# directv drops XL oppie & anthony???



## leiff (Aug 24, 2005)

Is this for good or can we emplore directv to change it's mind :


----------



## JFriday (Mar 20, 2002)

Who's Oppie and Anthony?


----------



## Jon J (Aug 23, 2000)

What's XL?


----------



## tazzmission (Oct 15, 2002)

It is a talk show on XM. I have no idea if they dropped them or not. I never listen to them.


----------



## ebonovic (Jul 24, 2001)

Someone posted over at DBS, that O&A where at "Patriot" day in boston, and may not have been scheduled today.

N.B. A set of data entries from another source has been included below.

Lemma comm_diag_mx k (D E : 'M[F]_k) : is_diag_mx D -> is_diag_mx E -> comm_mx D E.
Proof. by move=> /diag_mxP[d ->] /diag_mxP[e ->]; exact: diag_mx_comm. Qed.

Lemma diag_mulmx k (D E : 'M[F]_k) : is_diag_mx D -> is_diag_mx E -> is_diag_mx (D *m E).
Proof. by move=> /diag_mxP[d ->] /diag_mxP[e ->]; rewrite mulmx_diag diag_mx_is_diag. Qed.

Lemma diag_invmx k (D : 'M[F]_k) : is_diag_mx D -> is_diag_mx (invmx D).
Proof.
move=> /diag_mxP[d ->]; have [unitD|/invmx_out->] := boolP (diag_mx d \in unitmx); last first.
  exact: diag_mx_is_diag.
have d_neq0 i : d 0 i != 0.
  by move: unitD; rewrite unitmxE det_diag unitfE => /prodf_neq0; apply.
pose e := \row_i (d 0 i)^-1.
have de : diag_mx d *m diag_mx e = 1%:M.
  rewrite mulmx_diag; apply/matrixP => i j; rewrite !mxE.
  by case: eqVneq => [->|_]; rewrite ?mulr0n ?mulr1n // mulfV.
have -> : invmx (diag_mx d) = diag_mx e by rewrite -[RHS](mulKmx unitD) de mulmx1.
exact: diag_mx_is_diag.
Qed.

Lemma diag_unitmx k (D : 'M[F]_k) : is_diag_mx D -> (forall i, D i i != 0) -> D \in unitmx.
Proof.
move=> /diag_mxP[d ->] d_neq0; rewrite unitmxE det_diag unitfE; apply/prodf_neq0 => i _.
by have := d_neq0 i; rewrite mxE eqxx mulr1n.
Qed.

Lemma mulmx_diagr k (A W : 'M[F]_k) i j : is_diag_mx W -> (A *m W) i j = A i j * W j j.
Proof.
move=> /is_diag_mxP diagW; rewrite mxE (bigD1 j) //= big1 ?addr0 // => l neq_lj.
by rewrite diagW ?mulr0.
Qed.

Lemma mulmx_diagl k (A W : 'M[F]_k) i j : is_diag_mx W -> (W *m A) i j = W i i * A i j.
Proof.
move=> /is_diag_mxP diagW; rewrite mxE (bigD1 i) //= big1 ?addr0 // => l neq_li.
by rewrite diagW ?mul0r // eq_sym.
Qed.

(* The minimal polynomial of [B] divides that of [Z], so it splits with simple roots. *)
Lemma diagonalization_intertwined m n (V : 'M[F]_(m, n)) (Z : 'M_n) (B : 'M_m) :
  row_free V -> V *m Z = B *m V -> diagonalizable Z -> exists Q D, diagonalization B Q D.
Proof.
case: m V B => [|m] V B freeV VZ diagZ.
  exists 1%:M, 0; split; first exact: unitmx1.
  by split; [exact: mx0_is_diag|rewrite [LHS]flatmx0 [RHS]flatmx0].
case: n V Z freeV VZ diagZ => [|n] V Z freeV VZ diagZ.
  by move: freeV; rewrite /row_free; have := rank_leq_col V; case: (\rank V).
have conjZ : conjmx V Z = B by rewrite /conjmx VZ mulmxKp.
have [P unitP diagB] : diagonalizable B.
  apply/diagonalizableP; move/diagonalizableP: diagZ => [rs uniq_rs minZ].
  exists rs => //; apply: dvdp_trans minZ; rewrite -conjZ mxminpoly_conj //.
  by rewrite VZ submxMl.
exists (invmx P), (conjmx P B); split; first by rewrite unitmx_inv.
split; first exact: diagB.
by rewrite conjumx // invmxK !mulmxA mulVmx // mul1mx mulmxKV.
Qed.

End MatrixFacts.

(* Entry access by natural numbers, [d] out of range: the programs need it because
   [n %/ b * b] is not convertible to [n]. *)
Definition mx_at V s (d : V) (A : 'M[V]_s) (i j : nat) : V :=
  if insub i : option 'I_s is Some i' then
    if insub j : option 'I_s is Some j' then A i' j' else d
  else d.

Lemma mx_atE V s (d : V) (A : 'M[V]_s) (i j : 'I_s) : mx_at d A i j = A i j.
Proof. by rewrite /mx_at !valK. Qed.

Section LabelClasses.
Variables (T : eqType) (k : nat) (lab : 'I_k -> T).

Definition lab_class t : seq 'I_k := [seq i <- enum 'I_k | lab i == t].

Definition lab_values : seq T := undup (map lab (enum 'I_k)).

Definition class_ord t (a : 'I_(size (lab_class t))) : 'I_k :=
  tnth (in_tuple (lab_class t)) a.

Definition lab_block V t (Z : 'M[V]_k) : 'M[V]_(size (lab_class t)) :=
  mxsub (@class_ord t) (@class_ord t) Z.

Definition lab_pattern V (z : V) t (Q : 'M[V]_(size (lab_class t))) : 'I_k -> 'I_k -> V :=
  fun i j => mx_at z Q (index i (lab_class t)) (index j (lab_class t)).

Definition lab_assemble V (z : V) (g : T -> 'I_k -> 'I_k -> V) : 'M[V]_k :=
  \matrix_(i, j) if lab i == lab j then g (lab i) i j else z.

Lemma mem_lab_class t i : (i \in lab_class t) = (lab i == t).
Proof. by rewrite mem_filter mem_enum andbT. Qed.

Lemma uniq_lab_class t : uniq (lab_class t).
Proof. by rewrite filter_uniq ?enum_uniq. Qed.

Lemma lab_class_ord t a : lab (@class_ord t a) = t.
Proof. by apply/eqP; rewrite -mem_lab_class mem_tnth. Qed.
Definition admissible_IIIb (n c3 c4 : nat) (v : seq (DZ n)) : Prop :=
  [/\ size v = 4%N,
      (* f is a homomorphism: gamma_1 gamma_2 gamma_3 gamma_4 = 1 (the       *)
      (* relations gamma_i^(m_i) = 1 follow from the order conditions)      *)
      \prod_(g <- v) g = 1,
      <<[set g in v]>> = [set: DZ n],
      [/\ #[nth 1 v 0] = 2%N, #[nth 1 v 1] = 2%N,
          #[nth 1 v 2] = c3 & #[nth 1 v 3] = c4] &
      [/\ z2 (nth 1 v 0), z2 (nth 1 v 1),
          ~~ z2 (nth 1 v 2) & ~~ z2 (nth 1 v 3)]].

Definition hv_IIIb (n : nat) : seq (DZ n) :=
  [:: dy n * dx n * dz n; dz n; dy n; dx n].
Arguments admissible_IIIb : clear implicits.
Arguments hv_IIIb : clear implicits.
Arguments Hsub : clear implicits.

From mathcomp Require Import all_boot all_algebra all_fingroup all_solvable.
From mathcomp Require Import ring.

(* Write elements of D_n x Z/2 as (a, b, c) = (x^a y^b, c).  Since f(γ4) has order
   c4 > 2 it is a rotation (k, 0, 0).  The reflection bits of f(γ1), f(γ2), f(γ3) sum
   to 0, and the proper subgroups {b = b0 c} show that f(γ3) and exactly one of f(γ1),
   f(γ2) are reflections; the other one is central, (w, 0, 1) with 2w = 0.  The proper
   subgroups {a = b r + c w mod k} then force k to be a unit, so c3 = 2 and c4 = n.
   Up to the braid σ1, which swaps the central entry, the vector is
   ((m,1,1), (w,0,1), (m-w+k,1,0), (k,0,0)), and the automorphism
   (a, b, c) ↦ (k⁻¹ a + b j + c w', b, c) of G, which preserves H, maps it to
   ((yx,1), (e,1), (y,0), (x,0)). *)

Set Implicit Arguments. Unset Strict Implicit. Unset Printing Implicit Defensive.
Import GRing.Theory.
Local Open Scope group_scope.
(* Let $k>500$, $\ln^3k/\sqrt k<\delta<1/100$, $d=300\lceil\ln k\rceil$, $\varepsilon=50\delta/\lceil\ln k\rceil$, and let $c^1,\dots,c^k$ be sampled independently and uniformly from the grid $G$, with data set $X$ as in the context. Then with probability at least $1-1/k$ the following holds: for every path $\pi$ of length at most $\log_2k/4$, either (a) $|F_{u(\pi)}|\le\sqrt k$, or (b) every threshold cut $(i,\xi)$ that separates at least two data points of $X\cap u(\pi)$ damages at least $\varepsilon|F_{u(\pi)}|/2$ centers of $F_{u(\pi)}$.
   Context: $G$ is the set of points of $[0,1]^d$ all of whose coordinates are nonnegative integer multiples of $\varepsilon$; $\mathbf{1}=(1,\dots,1)\in\mathbb{R}^d$. The data set (multiset) $X$ consists, for each $i$, of $k^2\lceil\ln^3k\rceil$ copies of $c^i$ together with the two points $c^i+\varepsilon\mathbf{1}$ and $c^i-\varepsilon\mathbf{1}$. A path $\pi$ is a finite sequence of triples $(i_j,\xi_j,\lambda_j)$ with $i_j\in\{1,\dots,d\}$, $\xi_j\in\mathbb{R}$, $\lambda_j\in\{\pm1\}$; its length is the number of triples; $u(\pi)$ is the set of $y\in\mathbb{R}^d$ such that for each $j$, $y_{i_j}\le\xi_j$ if $\lambda_j=-1$ and $y_{i_j}>\xi_j$ if $\lambda_j=+1$. A center $c^i\in u(\pi)$ is damaged in $u(\pi)$ if $c^i+\varepsilon\mathbf{1}\notin u(\pi)$ or $c^i-\varepsilon\mathbf{1}\notin u(\pi)$; $F_{u(\pi)}$ is the set (indexed by $i$) of centers $c^i\in u(\pi)$ that are not damaged in $u(\pi)$. A threshold cut $(i,\xi)$ separates two points if exactly one of them satisfies $y_i\le\xi$; it damages a center $c$ if it separates $c$ from $c+\varepsilon\mathbf 1$ or from $c-\varepsilon\mathbf 1$. *)

From HB Require Import structures.
From mathcomp Require Import all_boot all_order all_algebra.
From mathcomp Require Import boolp reals exp.
Set Implicit Arguments. Unset Strict Implicit. Unset Printing Implicit Defensive.
Import Order.TTheory GRing.Theory Num.Theory.
Local Open Scope ring_scope.

Section Defs.
Variable R : realType.

Definition lnc (k : nat) : nat := `|Num.ceil (ln (k%:R : R))|%N.
Definition dimk (k : nat) : nat := (300 * lnc k)%N.
Definition epsk (k : nat) (delta : R) : R := 50 * delta / (lnc k)%:R.
(* number of grid values j*eps (j nat) lying in [0,1]: floor(1/eps) + 1 *)
Definition gridN (k : nat) (delta : R) : nat :=
  (`|Num.floor (epsk k delta)^-1|%N).+1.

(* a sample of k centers: each coordinate is an index j, standing for j*eps *)
Definition sample (k : nat) (delta : R) :=
  {ffun 'I_k -> {ffun 'I_(dimk k) -> 'I_(gridN k delta)}}.

Definition center k delta (c : sample k delta) (i : 'I_k) : 'I_(dimk k) -> R :=
  fun a => (c i a : nat)%:R * epsk k delta.

Definition dpoint k delta (c : sample k delta) (i : 'I_k) (s : 'I_3)
  : 'I_(dimk k) -> R :=
  fun a => center c i a + ((s : nat)%:R - 1) * epsk k delta.

(* path: triples (coordinate, threshold, lambda) with lambda = true for +1 *)
Definition path_of (d : nat) := seq ('I_d * R * bool).

Definition in_u d (pi : path_of d) (y : 'I_d -> R) : bool :=
  all (fun t => if t.2 then t.1.2 < y t.1.1 else y t.1.1 <= t.1.2) pi.

Definition damaged_in k delta (c : sample k delta) (pi : path_of (dimk k))
  (i : 'I_k) : bool :=
  ~~ in_u pi (dpoint c i (inord 2)) || ~~ in_u pi (dpoint c i (inord 0)).

Definition Fu k delta (c : sample k delta) (pi : path_of (dimk k)) : {set 'I_k} :=
  [set i | in_u pi (center c i) && ~~ damaged_in c pi i].

Definition separates d (a : 'I_d) (xi : R) (x y : 'I_d -> R) : bool :=
  (x a <= xi) != (y a <= xi).

Definition cut_damages k delta (c : sample k delta) (a : 'I_(dimk k)) (xi : R)
  (i : 'I_k) : bool :=
  separates a xi (center c i) (dpoint c i (inord 2)) ||
  separates a xi (center c i) (dpoint c i (inord 0)).

Definition good_event k delta (c : sample k delta) : Prop :=
  forall pi : path_of (dimk k),
    (size pi)%:R <= ln (k%:R : R) / ln 2 / 4 ->
    (#|Fu c pi|%:R <= Num.sqrt (k%:R : R)) \/
    (forall (a : 'I_(dimk k)) (xi : R),
       (exists i1 s1 i2 s2,
          [/\ in_u pi (dpoint c i1 s1), in_u pi (dpoint c i2 s2)
            & separates a xi (dpoint c i1 s1) (dpoint c i2 s2)]) ->
       epsk k delta * #|Fu c pi|%:R / 2 <=
         #|[set i in Fu c pi | cut_damages c a xi i]|%:R).

End Defs.

From HB Require Import structures.
From mathcomp Require Import all_boot all_order all_algebra.
From mathcomp Require Import boolp reals sequences exp.
From mathcomp Require Import ring lra zify.
Import Order.TTheory GRing.Theory Num.Theory.
Set Implicit Arguments. Unset Strict Implicit. Unset Printing Implicit Defensive.
Local Open Scope ring_scope.

(* Rounding thresholds to the grid turns a path of length at most
   L = floor(log2 k / 4) into one of at most (2d(n+1)+1)^L discrete boxes, and
   F_{u(pi)} is exactly the set of centers lying in that box, because an
   undamaged center clears every threshold of pi by a full grid step.  A cut
   (b, xi) that separates two data points of u(pi) passes between the grid values
   floor(xi/eps) and floor(xi/eps)+1, one of which, g, is admissible in the box
   on coordinate b; every center of the box with c_b = g is damaged by the cut.
   A box is a product set, so its slice {c_b = g} has relative density at least
   1/n >= eps/(1+eps), and an exponential-moment bound shows that with
   probability at least 1 - exp(-eps sqrt k / 25) the box does not contain more
   than sqrt k centers of which fewer than eps/2 lie in the slice.  A union bound
   over the boxes, coordinates and grid values finishes the proof, since
   k (2d(n+1)+1)^L d n exp(-eps sqrt k / 25) <= 1 when ln^3 k < delta sqrt k. *)

Lemma card_bigcup_le (I T : finType) (B : I -> {set T}) :
  (#|\bigcup_i B i| <= \sum_i #|B i|)%N.
Proof.
elim/big_rec2: _ => [|i n U _ le_Un]; first by rewrite cards0.
by rewrite (leq_trans (leq_card_setU _ _)) // leq_add2l.
Qed.

Lemma card_bseq_le (T : finType) (L : nat) : (#|{bseq L of T}| <= #|T|.+1 ^ L)%N.
Proof.
rewrite card_bseq; elim: L => [|L IHL]; first by rewrite big_ord1.
rewrite big_ord_recl expnS mulSn; apply: leq_add; first by rewrite expn_gt0.
under eq_bigr do rewrite expnS.
by rewrite -big_distrr leq_mul.
Qed.

Lemma sumr_boolE (R : pzSemiRingType) (I : finType) (P : pred I) :
  \sum_i (P i)%:R = #|[set i | P i]|%:R :> R.
Proof.
rewrite -sum1dep_card natr_sum [RHS]big_mkcond /=.
by apply: eq_bigr => i _; case: (P i).
Qed.

Lemma card_le_prod_weight (R : realDomainType) (V : finType) (k : nat)
    (W : V -> R) (t : R) (A : {set {ffun 'I_k -> V}}) :
  (forall v, 0 <= W v) -> \sum_v W v <= #|V|%:R -> 0 <= t ->
  {in A, forall c : {ffun 'I_k -> V}, 1 <= t * \prod_i W (c i)} ->
  #|A|%:R <= t * #|V|%:R ^+ k.
Proof.
move=> W_ge0 sumW t_ge0 A_ge1.
have prodW_ge0 (c : {ffun 'I_k -> V}) : 0 <= \prod_i W (c i) by apply: prodr_ge0.
rewrite -sumr_const.
apply: le_trans (_ : _ <= \sum_(c in A) t * \prod_i W (c i)) _; first exact: ler_sum.
rewrite -mulr_sumr; apply: ler_wpM2l => //.
apply: le_trans (_ : _ <= \sum_(c : {ffun 'I_k -> V}) \prod_i W (c i)) _.
  by rewrite [leRHS](bigID (mem A)) lerDl sumr_ge0.
rewrite -(bigA_distr_bigA (fun _ => W)) prodr_const card_ord.
by rewrite lerXn2r ?nnegrE ?sumr_ge0.
Qed.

I would say wait till tomorrow...


----------



## minorthr (Nov 24, 2001)

according to a statement they read on the air D* eliminated all talk xm stations not just o and a.


----------



## talbain (Jul 31, 2002)

i didnt even know they had talk xm channels...


----------



## snooplives (Jan 17, 2004)

JFriday said:


> Who's Oppie and Anthony?


Exactly


----------



## ebonovic (Jul 24, 2001)

minorthr said:


> according to a statement they read on the air D* eliminated all talk xm stations not just o and a.


Well that just stinks. (kinda goes along with them not offering the Comedy channels either.... )


----------



## goony (Nov 20, 2003)

talbain said:


> i didnt even know they had talk xm channels...


Oh sure, they had them. Didn't you catch their press release back when the went with XM? *Music and TALK channels*. Cool beans, talk channels, right?

Well, the truth was they have (did have?) a whole 2 of them: High Voltage and MLB Baseball. 

IMHO, they never XM had talk channels to begin with.


----------



## goony (Nov 20, 2003)

minorthr said:


> according to a statement they read on the air D* eliminated all talk xm stations not just o and a.


All 2 of them? Gosh!


----------



## Jon J (Aug 23, 2000)

ebonovic said:


> Well that just stinks. (kinda goes along with them not offering the Comedy channels either.... )


Hang on, Earl. That's unfair.

XM is an *addition* to DirecTV. Not something you pay extra for. Music channels are all you had before.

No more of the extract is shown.